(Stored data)
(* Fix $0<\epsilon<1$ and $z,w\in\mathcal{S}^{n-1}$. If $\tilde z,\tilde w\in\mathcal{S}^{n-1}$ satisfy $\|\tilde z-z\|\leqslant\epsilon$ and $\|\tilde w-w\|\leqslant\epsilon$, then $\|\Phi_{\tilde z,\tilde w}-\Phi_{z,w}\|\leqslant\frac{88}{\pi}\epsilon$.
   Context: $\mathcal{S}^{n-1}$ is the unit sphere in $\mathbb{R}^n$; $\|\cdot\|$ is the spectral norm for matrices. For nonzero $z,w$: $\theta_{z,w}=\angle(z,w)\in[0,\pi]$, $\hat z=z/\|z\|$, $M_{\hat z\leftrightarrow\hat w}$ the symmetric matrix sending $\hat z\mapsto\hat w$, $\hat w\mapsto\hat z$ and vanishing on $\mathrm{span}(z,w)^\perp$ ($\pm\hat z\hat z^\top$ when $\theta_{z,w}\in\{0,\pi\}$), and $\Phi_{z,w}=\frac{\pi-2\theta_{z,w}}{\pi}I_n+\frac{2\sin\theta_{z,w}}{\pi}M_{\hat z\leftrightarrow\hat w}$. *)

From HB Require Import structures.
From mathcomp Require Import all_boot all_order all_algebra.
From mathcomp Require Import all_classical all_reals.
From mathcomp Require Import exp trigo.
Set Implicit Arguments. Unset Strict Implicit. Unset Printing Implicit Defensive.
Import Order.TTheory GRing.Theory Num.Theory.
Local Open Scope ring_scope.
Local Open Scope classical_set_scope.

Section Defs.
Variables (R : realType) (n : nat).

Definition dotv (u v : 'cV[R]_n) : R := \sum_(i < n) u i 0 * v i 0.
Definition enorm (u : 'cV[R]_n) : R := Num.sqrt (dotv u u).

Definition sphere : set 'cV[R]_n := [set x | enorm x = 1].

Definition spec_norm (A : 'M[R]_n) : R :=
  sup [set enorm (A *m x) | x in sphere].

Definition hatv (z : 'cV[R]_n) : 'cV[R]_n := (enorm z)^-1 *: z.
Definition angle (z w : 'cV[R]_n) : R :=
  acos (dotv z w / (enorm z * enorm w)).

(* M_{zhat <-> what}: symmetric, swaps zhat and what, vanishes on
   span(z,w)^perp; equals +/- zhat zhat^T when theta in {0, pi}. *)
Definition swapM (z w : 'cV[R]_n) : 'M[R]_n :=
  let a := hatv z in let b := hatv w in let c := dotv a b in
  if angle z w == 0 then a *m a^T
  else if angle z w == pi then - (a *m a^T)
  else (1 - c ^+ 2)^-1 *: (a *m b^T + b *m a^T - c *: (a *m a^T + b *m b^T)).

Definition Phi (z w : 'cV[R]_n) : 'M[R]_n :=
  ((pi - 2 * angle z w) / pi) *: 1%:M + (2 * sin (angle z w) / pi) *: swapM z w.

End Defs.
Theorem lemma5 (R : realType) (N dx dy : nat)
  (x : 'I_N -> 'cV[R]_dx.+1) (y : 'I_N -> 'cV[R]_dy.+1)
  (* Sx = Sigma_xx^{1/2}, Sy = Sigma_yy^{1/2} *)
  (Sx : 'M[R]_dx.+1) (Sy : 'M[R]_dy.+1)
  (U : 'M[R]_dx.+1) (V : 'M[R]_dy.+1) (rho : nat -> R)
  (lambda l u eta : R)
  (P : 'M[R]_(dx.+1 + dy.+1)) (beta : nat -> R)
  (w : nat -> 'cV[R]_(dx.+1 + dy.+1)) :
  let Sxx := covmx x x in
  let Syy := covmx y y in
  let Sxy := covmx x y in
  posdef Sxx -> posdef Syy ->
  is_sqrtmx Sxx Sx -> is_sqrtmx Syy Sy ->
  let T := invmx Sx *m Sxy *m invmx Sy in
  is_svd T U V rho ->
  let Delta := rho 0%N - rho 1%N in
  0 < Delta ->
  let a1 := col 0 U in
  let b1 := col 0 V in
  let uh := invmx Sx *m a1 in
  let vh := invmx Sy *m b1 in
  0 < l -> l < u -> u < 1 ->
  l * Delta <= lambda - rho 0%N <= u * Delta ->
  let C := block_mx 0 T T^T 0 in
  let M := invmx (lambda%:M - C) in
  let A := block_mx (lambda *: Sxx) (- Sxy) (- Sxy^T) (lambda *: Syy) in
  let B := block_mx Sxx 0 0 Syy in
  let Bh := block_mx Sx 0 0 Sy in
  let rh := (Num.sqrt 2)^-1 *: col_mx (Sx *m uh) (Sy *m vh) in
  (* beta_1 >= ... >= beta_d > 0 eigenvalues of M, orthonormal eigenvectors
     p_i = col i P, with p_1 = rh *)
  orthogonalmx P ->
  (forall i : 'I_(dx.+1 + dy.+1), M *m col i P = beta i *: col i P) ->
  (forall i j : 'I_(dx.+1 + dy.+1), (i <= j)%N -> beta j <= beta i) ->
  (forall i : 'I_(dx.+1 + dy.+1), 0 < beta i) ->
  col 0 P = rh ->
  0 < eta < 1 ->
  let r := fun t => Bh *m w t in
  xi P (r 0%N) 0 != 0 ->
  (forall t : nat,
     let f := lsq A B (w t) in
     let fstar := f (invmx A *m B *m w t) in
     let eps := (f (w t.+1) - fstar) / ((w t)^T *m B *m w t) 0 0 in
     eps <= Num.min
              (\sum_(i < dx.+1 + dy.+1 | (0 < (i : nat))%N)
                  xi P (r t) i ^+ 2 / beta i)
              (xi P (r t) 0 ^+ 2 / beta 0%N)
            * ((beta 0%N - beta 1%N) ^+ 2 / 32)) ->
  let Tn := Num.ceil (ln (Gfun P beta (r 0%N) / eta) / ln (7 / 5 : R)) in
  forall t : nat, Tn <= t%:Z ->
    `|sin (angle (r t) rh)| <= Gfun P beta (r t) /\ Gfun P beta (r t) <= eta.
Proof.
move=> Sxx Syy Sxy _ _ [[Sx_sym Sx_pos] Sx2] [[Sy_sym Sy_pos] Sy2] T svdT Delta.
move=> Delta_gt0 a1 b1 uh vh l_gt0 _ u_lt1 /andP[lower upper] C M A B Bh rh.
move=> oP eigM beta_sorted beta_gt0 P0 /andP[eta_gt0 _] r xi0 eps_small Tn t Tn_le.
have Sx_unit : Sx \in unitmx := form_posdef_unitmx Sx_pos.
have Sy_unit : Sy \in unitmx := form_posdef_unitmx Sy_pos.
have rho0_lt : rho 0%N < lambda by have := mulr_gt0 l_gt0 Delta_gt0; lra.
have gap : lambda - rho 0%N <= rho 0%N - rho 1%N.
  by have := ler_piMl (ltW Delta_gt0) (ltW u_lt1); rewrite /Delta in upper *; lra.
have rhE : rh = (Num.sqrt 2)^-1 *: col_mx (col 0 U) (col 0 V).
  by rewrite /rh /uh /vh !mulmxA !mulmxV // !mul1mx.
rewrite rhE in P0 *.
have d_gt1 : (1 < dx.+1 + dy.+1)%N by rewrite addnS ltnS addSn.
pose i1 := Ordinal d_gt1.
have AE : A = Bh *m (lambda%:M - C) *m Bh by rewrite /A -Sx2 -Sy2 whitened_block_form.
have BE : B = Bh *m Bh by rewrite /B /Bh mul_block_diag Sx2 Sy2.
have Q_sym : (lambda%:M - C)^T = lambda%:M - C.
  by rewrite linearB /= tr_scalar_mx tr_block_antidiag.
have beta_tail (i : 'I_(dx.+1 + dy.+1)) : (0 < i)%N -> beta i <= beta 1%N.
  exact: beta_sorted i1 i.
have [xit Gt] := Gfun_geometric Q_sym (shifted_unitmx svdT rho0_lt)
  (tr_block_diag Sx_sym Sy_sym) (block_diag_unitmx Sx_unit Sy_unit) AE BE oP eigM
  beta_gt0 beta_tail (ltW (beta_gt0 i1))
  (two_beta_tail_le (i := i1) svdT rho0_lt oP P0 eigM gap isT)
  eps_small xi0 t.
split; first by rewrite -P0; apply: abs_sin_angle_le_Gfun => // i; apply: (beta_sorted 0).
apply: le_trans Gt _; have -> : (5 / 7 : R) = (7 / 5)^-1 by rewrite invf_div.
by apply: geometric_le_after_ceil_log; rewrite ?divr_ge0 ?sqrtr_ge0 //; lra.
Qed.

→ **Problem description**: Return only those lines that run from the one containing "move=> Sxx Syy" through the end of the entries, keeping each exactly as written.

→ **Reply to the exercise**:
move=> Sxx Syy Sxy _ _ [[Sx_sym Sx_pos] Sx2] [[Sy_sym Sy_pos] Sy2] T svdT Delta.
move=> Delta_gt0 a1 b1 uh vh l_gt0 _ u_lt1 /andP[lower upper] C M A B Bh rh.
move=> oP eigM beta_sorted beta_gt0 P0 /andP[eta_gt0 _] r xi0 eps_small Tn t Tn_le.
have Sx_unit : Sx \in unitmx := form_posdef_unitmx Sx_pos.
have Sy_unit : Sy \in unitmx := form_posdef_unitmx Sy_pos.
have rho0_lt : rho 0%N < lambda by have := mulr_gt0 l_gt0 Delta_gt0; lra.
have gap : lambda - rho 0%N <= rho 0%N - rho 1%N.
  by have := ler_piMl (ltW Delta_gt0) (ltW u_lt1); rewrite /Delta in upper *; lra.
have rhE : rh = (Num.sqrt 2)^-1 *: col_mx (col 0 U) (col 0 V).
  by rewrite /rh /uh /vh !mulmxA !mulmxV // !mul1mx.
rewrite rhE in P0 *.
have d_gt1 : (1 < dx.+1 + dy.+1)%N by rewrite addnS ltnS addSn.
pose i1 := Ordinal d_gt1.
have AE : A = Bh *m (lambda%:M - C) *m Bh by rewrite /A -Sx2 -Sy2 whitened_block_form.
have BE : B = Bh *m Bh by rewrite /B /Bh mul_block_diag Sx2 Sy2.
have Q_sym : (lambda%:M - C)^T = lambda%:M - C.
  by rewrite linearB /= tr_scalar_mx tr_block_antidiag.
have beta_tail (i : 'I_(dx.+1 + dy.+1)) : (0 < i)%N -> beta i <= beta 1%N.
  exact: beta_sorted i1 i.
have [xit Gt] := Gfun_geometric Q_sym (shifted_unitmx svdT rho0_lt)
  (tr_block_diag Sx_sym Sy_sym) (block_diag_unitmx Sx_unit Sy_unit) AE BE oP eigM
  beta_gt0 beta_tail (ltW (beta_gt0 i1))
  (two_beta_tail_le (i := i1) svdT rho0_lt oP P0 eigM gap isT)
  eps_small xi0 t.
split; first by rewrite -P0; apply: abs_sin_angle_le_Gfun => // i; apply: (beta_sorted 0).
apply: le_trans Gt _; have -> : (5 / 7 : R) = (7 / 5)^-1 by rewrite invf_div.
by apply: geometric_le_after_ceil_log; rewrite ?divr_ge0 ?sqrtr_ge0 //; lra.
Qed.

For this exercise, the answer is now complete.